> [Aim of the task]: In the listing below, find the line containing "Definition dball (d" and the line containing "(forall x y, 0 <= mu". Repeat exactly those two lines and every line between them, nothing more.
BEGIN
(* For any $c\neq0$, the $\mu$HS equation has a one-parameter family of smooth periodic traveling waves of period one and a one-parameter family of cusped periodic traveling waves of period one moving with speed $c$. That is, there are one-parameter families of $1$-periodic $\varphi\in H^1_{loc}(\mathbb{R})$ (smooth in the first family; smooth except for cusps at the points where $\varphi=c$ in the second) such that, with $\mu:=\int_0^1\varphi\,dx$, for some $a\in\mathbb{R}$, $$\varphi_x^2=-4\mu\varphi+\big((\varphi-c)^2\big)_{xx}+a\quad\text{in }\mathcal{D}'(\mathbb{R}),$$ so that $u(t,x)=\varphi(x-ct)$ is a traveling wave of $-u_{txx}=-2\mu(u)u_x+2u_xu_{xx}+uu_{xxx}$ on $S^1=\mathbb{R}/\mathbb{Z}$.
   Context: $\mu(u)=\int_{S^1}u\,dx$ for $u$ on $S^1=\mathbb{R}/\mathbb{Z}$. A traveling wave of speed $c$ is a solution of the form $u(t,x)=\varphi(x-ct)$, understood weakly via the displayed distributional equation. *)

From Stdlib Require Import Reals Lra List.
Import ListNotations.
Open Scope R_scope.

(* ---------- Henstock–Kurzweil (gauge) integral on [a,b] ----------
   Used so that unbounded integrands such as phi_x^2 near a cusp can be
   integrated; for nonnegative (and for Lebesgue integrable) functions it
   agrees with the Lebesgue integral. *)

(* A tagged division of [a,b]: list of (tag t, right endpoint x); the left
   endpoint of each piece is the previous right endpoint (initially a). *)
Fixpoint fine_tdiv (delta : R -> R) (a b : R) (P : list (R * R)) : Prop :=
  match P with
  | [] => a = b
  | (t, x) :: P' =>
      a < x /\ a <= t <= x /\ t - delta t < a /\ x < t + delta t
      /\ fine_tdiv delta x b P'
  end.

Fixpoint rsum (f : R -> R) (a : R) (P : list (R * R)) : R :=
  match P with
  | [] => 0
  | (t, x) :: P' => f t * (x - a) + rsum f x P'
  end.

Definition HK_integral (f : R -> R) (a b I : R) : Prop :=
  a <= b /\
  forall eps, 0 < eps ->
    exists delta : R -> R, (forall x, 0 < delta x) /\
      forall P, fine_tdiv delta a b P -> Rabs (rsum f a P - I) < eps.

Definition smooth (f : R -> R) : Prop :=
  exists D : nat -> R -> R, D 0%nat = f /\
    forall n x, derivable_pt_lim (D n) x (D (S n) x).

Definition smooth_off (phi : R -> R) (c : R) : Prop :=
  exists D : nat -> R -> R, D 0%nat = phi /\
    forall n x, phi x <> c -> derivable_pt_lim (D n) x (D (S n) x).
END
BEGIN
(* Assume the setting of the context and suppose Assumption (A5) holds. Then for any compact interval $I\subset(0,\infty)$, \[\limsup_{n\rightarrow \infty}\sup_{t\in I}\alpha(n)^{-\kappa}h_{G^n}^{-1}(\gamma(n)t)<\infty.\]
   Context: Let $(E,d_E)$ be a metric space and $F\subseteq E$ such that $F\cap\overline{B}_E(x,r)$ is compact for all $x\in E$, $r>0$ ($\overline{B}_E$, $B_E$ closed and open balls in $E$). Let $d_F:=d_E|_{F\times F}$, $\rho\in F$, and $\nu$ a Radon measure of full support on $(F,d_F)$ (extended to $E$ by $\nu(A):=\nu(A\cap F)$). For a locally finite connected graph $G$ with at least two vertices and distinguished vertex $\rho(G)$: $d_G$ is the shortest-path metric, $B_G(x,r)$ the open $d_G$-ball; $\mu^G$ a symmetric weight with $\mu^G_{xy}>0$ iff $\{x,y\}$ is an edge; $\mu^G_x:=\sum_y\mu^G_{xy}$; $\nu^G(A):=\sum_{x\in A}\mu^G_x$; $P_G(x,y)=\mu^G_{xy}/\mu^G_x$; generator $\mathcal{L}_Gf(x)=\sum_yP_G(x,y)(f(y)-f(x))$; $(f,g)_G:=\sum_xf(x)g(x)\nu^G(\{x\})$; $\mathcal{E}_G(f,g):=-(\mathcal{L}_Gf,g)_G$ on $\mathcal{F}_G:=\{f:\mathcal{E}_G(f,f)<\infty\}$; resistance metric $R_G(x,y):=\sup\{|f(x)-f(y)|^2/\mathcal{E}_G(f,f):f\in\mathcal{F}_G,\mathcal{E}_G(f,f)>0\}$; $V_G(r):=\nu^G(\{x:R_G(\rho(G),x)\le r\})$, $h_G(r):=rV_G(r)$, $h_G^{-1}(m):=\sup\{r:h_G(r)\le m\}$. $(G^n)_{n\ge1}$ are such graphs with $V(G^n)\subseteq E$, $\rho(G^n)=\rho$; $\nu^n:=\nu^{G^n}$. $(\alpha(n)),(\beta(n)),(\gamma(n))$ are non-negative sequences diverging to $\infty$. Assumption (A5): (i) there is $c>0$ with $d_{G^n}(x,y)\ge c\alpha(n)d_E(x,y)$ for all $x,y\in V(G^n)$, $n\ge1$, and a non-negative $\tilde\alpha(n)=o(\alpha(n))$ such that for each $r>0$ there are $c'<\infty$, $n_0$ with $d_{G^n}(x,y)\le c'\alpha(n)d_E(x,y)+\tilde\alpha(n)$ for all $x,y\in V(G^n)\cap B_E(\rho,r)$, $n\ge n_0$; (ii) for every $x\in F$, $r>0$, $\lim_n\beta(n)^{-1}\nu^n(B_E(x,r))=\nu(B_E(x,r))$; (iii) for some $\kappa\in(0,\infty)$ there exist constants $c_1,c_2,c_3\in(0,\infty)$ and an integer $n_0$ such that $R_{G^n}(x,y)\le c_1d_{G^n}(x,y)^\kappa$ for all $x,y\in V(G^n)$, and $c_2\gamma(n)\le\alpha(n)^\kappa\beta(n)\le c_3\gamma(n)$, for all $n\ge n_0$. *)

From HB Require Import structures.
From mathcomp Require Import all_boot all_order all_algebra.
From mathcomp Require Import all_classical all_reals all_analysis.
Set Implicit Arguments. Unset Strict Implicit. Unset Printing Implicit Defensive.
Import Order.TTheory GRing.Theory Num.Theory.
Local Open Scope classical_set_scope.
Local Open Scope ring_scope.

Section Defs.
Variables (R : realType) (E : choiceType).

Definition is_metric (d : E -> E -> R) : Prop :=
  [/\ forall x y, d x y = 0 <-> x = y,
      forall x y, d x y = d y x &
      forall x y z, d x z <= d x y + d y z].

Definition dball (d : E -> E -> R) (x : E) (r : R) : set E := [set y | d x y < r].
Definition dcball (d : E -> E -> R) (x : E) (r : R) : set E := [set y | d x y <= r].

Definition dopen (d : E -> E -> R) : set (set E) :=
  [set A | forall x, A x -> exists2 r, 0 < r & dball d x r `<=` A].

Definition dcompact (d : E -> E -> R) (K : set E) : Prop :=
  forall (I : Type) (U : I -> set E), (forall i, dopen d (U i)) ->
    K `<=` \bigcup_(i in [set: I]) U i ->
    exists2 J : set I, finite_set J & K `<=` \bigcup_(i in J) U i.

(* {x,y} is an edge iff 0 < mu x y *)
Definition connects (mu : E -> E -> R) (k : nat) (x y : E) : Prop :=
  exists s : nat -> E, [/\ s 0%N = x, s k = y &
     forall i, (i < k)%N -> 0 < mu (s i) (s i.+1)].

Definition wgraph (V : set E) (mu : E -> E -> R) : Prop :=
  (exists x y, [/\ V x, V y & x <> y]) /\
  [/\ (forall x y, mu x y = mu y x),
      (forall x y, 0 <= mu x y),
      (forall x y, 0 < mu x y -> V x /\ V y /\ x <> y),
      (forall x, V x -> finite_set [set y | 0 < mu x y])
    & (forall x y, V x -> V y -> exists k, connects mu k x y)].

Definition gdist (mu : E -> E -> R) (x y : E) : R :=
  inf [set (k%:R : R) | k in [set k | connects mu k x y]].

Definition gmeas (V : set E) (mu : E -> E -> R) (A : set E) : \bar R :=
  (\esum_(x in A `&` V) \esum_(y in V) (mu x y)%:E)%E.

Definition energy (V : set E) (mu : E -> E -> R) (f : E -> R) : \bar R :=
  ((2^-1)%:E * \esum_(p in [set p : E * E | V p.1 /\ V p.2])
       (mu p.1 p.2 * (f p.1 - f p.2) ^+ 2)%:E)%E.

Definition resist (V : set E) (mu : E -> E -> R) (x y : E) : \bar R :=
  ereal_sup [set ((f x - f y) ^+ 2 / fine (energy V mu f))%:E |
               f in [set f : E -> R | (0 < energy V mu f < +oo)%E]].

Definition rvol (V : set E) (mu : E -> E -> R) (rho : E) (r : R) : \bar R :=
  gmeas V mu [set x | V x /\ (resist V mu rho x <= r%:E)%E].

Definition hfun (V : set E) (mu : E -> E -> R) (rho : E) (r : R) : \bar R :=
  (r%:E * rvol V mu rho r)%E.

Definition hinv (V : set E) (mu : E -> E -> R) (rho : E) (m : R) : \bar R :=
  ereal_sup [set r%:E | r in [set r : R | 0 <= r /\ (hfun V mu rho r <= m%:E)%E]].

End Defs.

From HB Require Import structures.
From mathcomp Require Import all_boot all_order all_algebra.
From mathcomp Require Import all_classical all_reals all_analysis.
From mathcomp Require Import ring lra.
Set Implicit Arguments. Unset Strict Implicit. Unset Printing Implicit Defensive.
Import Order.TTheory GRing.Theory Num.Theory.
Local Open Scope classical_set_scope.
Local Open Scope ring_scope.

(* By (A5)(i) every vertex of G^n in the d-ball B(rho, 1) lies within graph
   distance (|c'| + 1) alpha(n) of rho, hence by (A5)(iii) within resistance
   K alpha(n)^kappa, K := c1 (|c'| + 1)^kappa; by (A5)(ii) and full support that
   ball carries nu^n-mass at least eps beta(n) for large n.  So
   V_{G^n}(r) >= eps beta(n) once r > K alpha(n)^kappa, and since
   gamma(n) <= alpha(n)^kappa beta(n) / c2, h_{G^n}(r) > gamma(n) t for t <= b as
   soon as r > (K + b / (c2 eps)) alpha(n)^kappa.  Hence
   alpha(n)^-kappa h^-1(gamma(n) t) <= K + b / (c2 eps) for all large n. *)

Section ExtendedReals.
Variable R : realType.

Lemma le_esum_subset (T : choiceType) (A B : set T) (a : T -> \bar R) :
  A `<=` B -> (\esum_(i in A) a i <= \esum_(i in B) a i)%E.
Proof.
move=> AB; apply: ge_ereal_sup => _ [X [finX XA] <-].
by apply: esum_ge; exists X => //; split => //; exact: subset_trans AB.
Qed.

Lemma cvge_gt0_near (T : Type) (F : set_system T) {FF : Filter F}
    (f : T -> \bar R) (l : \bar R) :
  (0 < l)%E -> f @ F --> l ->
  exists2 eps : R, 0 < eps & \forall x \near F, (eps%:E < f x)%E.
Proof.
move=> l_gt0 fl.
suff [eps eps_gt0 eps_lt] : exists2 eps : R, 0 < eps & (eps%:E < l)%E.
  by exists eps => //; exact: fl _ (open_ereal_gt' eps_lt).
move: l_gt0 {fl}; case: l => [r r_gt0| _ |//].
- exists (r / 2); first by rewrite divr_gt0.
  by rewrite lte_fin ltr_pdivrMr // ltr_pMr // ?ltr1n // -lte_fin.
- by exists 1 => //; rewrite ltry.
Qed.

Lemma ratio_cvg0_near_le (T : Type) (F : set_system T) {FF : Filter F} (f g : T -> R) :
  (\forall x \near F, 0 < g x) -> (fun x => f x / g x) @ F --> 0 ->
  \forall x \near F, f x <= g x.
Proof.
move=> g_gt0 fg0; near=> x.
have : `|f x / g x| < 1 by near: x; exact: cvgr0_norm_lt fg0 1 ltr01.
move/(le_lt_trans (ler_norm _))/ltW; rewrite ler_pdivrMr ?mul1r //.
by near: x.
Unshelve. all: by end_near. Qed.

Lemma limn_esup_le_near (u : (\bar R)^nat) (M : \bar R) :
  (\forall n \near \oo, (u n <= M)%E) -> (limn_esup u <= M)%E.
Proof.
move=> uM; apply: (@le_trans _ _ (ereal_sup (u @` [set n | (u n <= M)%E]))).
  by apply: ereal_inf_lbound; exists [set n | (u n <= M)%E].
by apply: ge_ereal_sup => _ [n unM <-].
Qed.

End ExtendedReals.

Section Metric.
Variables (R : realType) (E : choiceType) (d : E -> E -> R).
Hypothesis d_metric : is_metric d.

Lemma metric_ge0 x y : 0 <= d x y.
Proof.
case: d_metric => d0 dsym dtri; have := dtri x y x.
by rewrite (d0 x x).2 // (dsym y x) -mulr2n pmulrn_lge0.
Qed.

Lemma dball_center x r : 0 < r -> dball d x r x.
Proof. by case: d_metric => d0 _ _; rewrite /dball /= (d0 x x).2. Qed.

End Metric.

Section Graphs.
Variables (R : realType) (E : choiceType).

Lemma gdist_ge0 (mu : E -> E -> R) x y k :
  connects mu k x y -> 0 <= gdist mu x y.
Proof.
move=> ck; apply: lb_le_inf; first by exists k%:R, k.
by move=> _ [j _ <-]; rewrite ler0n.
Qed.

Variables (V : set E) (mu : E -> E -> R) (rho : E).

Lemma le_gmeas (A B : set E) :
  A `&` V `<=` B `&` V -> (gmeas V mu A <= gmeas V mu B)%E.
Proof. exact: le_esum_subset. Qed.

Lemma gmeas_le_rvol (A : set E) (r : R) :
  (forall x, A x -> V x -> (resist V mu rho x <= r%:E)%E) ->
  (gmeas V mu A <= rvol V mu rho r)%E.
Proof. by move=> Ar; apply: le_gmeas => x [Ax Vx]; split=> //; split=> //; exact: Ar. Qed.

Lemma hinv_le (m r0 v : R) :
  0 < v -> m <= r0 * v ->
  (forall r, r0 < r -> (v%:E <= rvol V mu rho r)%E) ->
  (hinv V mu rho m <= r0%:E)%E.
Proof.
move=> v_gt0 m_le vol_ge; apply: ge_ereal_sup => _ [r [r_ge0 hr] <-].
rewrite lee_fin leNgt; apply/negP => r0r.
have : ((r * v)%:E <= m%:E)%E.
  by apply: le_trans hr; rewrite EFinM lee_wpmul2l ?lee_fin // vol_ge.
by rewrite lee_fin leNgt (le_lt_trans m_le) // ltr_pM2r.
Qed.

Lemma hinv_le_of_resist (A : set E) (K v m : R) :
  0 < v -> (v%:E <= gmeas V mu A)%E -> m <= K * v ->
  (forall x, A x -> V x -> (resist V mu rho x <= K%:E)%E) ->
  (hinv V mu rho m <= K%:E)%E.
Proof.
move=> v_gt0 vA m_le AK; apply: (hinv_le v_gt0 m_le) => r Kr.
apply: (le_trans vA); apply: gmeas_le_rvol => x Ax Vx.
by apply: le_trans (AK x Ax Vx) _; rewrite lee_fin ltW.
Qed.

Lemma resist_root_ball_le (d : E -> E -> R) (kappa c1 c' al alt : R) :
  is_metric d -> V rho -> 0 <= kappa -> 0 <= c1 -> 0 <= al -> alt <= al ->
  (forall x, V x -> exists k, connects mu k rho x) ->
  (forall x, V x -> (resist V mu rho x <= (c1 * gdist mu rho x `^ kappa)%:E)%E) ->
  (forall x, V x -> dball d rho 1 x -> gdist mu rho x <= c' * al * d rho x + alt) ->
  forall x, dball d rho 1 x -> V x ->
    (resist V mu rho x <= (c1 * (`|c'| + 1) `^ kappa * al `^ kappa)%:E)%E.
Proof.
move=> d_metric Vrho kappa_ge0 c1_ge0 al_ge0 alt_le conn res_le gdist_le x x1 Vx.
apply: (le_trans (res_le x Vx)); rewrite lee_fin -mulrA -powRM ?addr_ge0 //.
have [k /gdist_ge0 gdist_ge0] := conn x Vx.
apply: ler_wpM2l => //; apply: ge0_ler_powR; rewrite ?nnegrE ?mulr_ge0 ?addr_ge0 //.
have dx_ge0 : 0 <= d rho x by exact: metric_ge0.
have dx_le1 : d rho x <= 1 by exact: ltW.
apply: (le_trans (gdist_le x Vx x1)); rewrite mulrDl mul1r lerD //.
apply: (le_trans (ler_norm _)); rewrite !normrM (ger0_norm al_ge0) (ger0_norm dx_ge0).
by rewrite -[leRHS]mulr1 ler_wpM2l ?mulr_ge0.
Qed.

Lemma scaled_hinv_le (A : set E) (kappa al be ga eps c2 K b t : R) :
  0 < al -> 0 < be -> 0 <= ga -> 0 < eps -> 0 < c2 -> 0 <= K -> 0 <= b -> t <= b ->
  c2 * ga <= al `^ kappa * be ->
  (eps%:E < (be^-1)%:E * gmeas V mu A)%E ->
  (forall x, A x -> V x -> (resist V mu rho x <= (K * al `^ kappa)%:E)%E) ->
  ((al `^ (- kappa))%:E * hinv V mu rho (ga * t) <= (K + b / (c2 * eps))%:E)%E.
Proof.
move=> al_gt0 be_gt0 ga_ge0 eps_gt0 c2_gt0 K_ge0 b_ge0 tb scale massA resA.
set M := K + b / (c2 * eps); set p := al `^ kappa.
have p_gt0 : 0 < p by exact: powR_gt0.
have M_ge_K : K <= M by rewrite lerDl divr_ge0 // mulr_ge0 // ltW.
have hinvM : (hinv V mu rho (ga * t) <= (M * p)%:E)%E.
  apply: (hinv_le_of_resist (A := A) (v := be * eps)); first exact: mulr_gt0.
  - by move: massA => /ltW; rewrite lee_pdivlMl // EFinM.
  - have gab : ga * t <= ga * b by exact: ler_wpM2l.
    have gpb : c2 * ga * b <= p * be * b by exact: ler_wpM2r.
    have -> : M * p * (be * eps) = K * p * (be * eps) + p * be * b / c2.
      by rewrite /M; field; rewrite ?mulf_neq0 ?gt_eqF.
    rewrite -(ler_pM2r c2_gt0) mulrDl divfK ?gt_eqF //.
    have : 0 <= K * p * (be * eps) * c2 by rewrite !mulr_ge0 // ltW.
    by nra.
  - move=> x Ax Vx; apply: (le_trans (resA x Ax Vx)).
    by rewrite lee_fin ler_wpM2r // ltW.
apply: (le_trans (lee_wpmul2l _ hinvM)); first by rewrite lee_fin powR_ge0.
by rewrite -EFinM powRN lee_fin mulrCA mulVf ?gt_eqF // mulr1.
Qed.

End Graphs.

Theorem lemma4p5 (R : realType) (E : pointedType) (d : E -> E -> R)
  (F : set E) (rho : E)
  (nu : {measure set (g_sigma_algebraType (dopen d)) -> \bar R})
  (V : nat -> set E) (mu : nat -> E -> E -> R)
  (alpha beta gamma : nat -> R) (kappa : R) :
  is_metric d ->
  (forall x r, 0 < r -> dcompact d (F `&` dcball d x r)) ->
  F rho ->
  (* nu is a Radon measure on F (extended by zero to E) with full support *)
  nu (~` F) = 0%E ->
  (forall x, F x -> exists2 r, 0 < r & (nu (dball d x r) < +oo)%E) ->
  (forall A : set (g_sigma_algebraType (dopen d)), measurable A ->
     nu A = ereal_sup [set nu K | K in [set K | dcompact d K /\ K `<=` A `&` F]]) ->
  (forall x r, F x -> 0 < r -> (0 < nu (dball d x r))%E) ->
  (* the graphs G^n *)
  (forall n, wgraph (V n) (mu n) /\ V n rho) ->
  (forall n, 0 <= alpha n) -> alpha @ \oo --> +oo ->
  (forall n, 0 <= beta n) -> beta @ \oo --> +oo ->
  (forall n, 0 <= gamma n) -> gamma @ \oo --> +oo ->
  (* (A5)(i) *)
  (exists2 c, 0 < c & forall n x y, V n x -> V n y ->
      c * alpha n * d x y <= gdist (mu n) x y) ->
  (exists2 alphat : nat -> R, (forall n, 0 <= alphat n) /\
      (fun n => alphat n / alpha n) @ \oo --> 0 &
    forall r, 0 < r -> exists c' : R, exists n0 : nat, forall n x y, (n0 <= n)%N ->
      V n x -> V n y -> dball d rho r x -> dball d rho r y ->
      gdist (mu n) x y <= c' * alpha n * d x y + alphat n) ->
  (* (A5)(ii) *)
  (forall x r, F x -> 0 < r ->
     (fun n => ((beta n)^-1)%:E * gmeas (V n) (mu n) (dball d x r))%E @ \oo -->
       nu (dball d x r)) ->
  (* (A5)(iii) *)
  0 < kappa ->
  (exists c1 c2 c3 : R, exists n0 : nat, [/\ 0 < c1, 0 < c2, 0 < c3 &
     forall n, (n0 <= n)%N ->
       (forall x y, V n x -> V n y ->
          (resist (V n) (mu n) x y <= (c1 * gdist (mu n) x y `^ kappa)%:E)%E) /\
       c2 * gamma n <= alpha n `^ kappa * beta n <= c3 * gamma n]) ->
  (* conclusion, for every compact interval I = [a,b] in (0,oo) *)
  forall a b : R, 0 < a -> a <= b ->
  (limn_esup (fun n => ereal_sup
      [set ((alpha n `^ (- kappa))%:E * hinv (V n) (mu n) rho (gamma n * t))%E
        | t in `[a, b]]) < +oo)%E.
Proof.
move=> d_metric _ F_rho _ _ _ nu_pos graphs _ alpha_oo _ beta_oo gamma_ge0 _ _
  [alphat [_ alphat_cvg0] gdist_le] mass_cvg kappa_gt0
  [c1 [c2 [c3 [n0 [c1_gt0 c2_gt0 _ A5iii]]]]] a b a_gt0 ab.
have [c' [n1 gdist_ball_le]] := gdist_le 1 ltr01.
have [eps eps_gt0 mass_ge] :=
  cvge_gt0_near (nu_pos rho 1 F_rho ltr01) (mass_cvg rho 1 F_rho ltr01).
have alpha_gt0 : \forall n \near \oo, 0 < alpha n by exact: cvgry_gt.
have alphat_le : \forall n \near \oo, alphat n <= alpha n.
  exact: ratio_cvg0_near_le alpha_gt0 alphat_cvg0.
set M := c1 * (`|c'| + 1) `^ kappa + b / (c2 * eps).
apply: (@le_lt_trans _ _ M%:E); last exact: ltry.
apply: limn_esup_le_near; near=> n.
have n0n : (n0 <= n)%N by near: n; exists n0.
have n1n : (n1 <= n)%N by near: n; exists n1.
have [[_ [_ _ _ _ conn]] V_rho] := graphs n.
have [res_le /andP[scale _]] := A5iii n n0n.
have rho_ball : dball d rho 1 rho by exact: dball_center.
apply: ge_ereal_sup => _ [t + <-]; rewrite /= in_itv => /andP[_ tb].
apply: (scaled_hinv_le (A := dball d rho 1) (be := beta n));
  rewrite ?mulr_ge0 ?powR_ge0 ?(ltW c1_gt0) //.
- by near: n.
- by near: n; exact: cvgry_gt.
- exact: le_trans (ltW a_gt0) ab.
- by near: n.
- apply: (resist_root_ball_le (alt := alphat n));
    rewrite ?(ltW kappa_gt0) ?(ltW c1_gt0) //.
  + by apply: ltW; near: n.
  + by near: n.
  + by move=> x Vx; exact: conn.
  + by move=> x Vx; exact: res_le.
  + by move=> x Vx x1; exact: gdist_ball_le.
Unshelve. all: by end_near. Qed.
END
BEGIN
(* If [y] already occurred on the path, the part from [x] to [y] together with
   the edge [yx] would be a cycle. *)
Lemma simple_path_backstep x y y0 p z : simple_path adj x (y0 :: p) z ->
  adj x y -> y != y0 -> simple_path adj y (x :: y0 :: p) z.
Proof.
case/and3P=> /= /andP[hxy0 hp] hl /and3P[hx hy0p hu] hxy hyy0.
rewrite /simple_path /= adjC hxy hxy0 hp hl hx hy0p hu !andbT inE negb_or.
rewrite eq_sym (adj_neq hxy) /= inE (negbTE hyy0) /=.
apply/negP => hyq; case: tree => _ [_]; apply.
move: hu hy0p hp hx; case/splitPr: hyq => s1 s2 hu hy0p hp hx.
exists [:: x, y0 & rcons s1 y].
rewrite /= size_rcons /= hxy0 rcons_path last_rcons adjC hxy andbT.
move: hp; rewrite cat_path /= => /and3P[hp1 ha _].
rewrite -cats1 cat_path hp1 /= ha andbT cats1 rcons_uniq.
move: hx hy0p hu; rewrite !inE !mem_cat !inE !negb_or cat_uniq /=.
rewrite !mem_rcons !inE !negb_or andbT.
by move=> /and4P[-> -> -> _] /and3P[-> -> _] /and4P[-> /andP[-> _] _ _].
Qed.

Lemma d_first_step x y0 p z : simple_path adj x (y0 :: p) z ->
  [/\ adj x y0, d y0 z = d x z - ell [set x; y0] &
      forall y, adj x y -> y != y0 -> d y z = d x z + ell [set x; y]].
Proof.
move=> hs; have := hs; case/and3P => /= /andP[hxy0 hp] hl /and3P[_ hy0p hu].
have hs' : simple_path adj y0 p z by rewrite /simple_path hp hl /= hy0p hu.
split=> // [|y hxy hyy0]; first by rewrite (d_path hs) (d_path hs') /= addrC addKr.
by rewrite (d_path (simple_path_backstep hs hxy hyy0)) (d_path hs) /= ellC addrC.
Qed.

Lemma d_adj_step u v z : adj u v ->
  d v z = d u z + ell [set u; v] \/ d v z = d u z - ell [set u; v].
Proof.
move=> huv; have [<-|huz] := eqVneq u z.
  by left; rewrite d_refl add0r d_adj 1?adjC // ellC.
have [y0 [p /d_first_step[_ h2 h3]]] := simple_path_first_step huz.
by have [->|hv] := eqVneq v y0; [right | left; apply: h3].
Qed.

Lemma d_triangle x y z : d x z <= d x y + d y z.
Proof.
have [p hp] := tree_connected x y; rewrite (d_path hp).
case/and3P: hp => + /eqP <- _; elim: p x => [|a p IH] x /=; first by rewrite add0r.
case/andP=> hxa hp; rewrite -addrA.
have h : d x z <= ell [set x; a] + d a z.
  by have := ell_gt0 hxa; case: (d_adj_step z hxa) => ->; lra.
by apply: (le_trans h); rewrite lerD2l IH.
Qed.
END
> [Written solution]:
Definition dball (d : E -> E -> R) (x : E) (r : R) : set E := [set y | d x y < r].
Definition dcball (d : E -> E -> R) (x : E) (r : R) : set E := [set y | d x y <= r].

Definition dopen (d : E -> E -> R) : set (set E) :=
  [set A | forall x, A x -> exists2 r, 0 < r & dball d x r `<=` A].

Definition dcompact (d : E -> E -> R) (K : set E) : Prop :=
  forall (I : Type) (U : I -> set E), (forall i, dopen d (U i)) ->
    K `<=` \bigcup_(i in [set: I]) U i ->
    exists2 J : set I, finite_set J & K `<=` \bigcup_(i in J) U i.

(* {x,y} is an edge iff 0 < mu x y *)
Definition connects (mu : E -> E -> R) (k : nat) (x y : E) : Prop :=
  exists s : nat -> E, [/\ s 0%N = x, s k = y &
     forall i, (i < k)%N -> 0 < mu (s i) (s i.+1)].

Definition wgraph (V : set E) (mu : E -> E -> R) : Prop :=
  (exists x y, [/\ V x, V y & x <> y]) /\
  [/\ (forall x y, mu x y = mu y x),
      (forall x y, 0 <= mu x y),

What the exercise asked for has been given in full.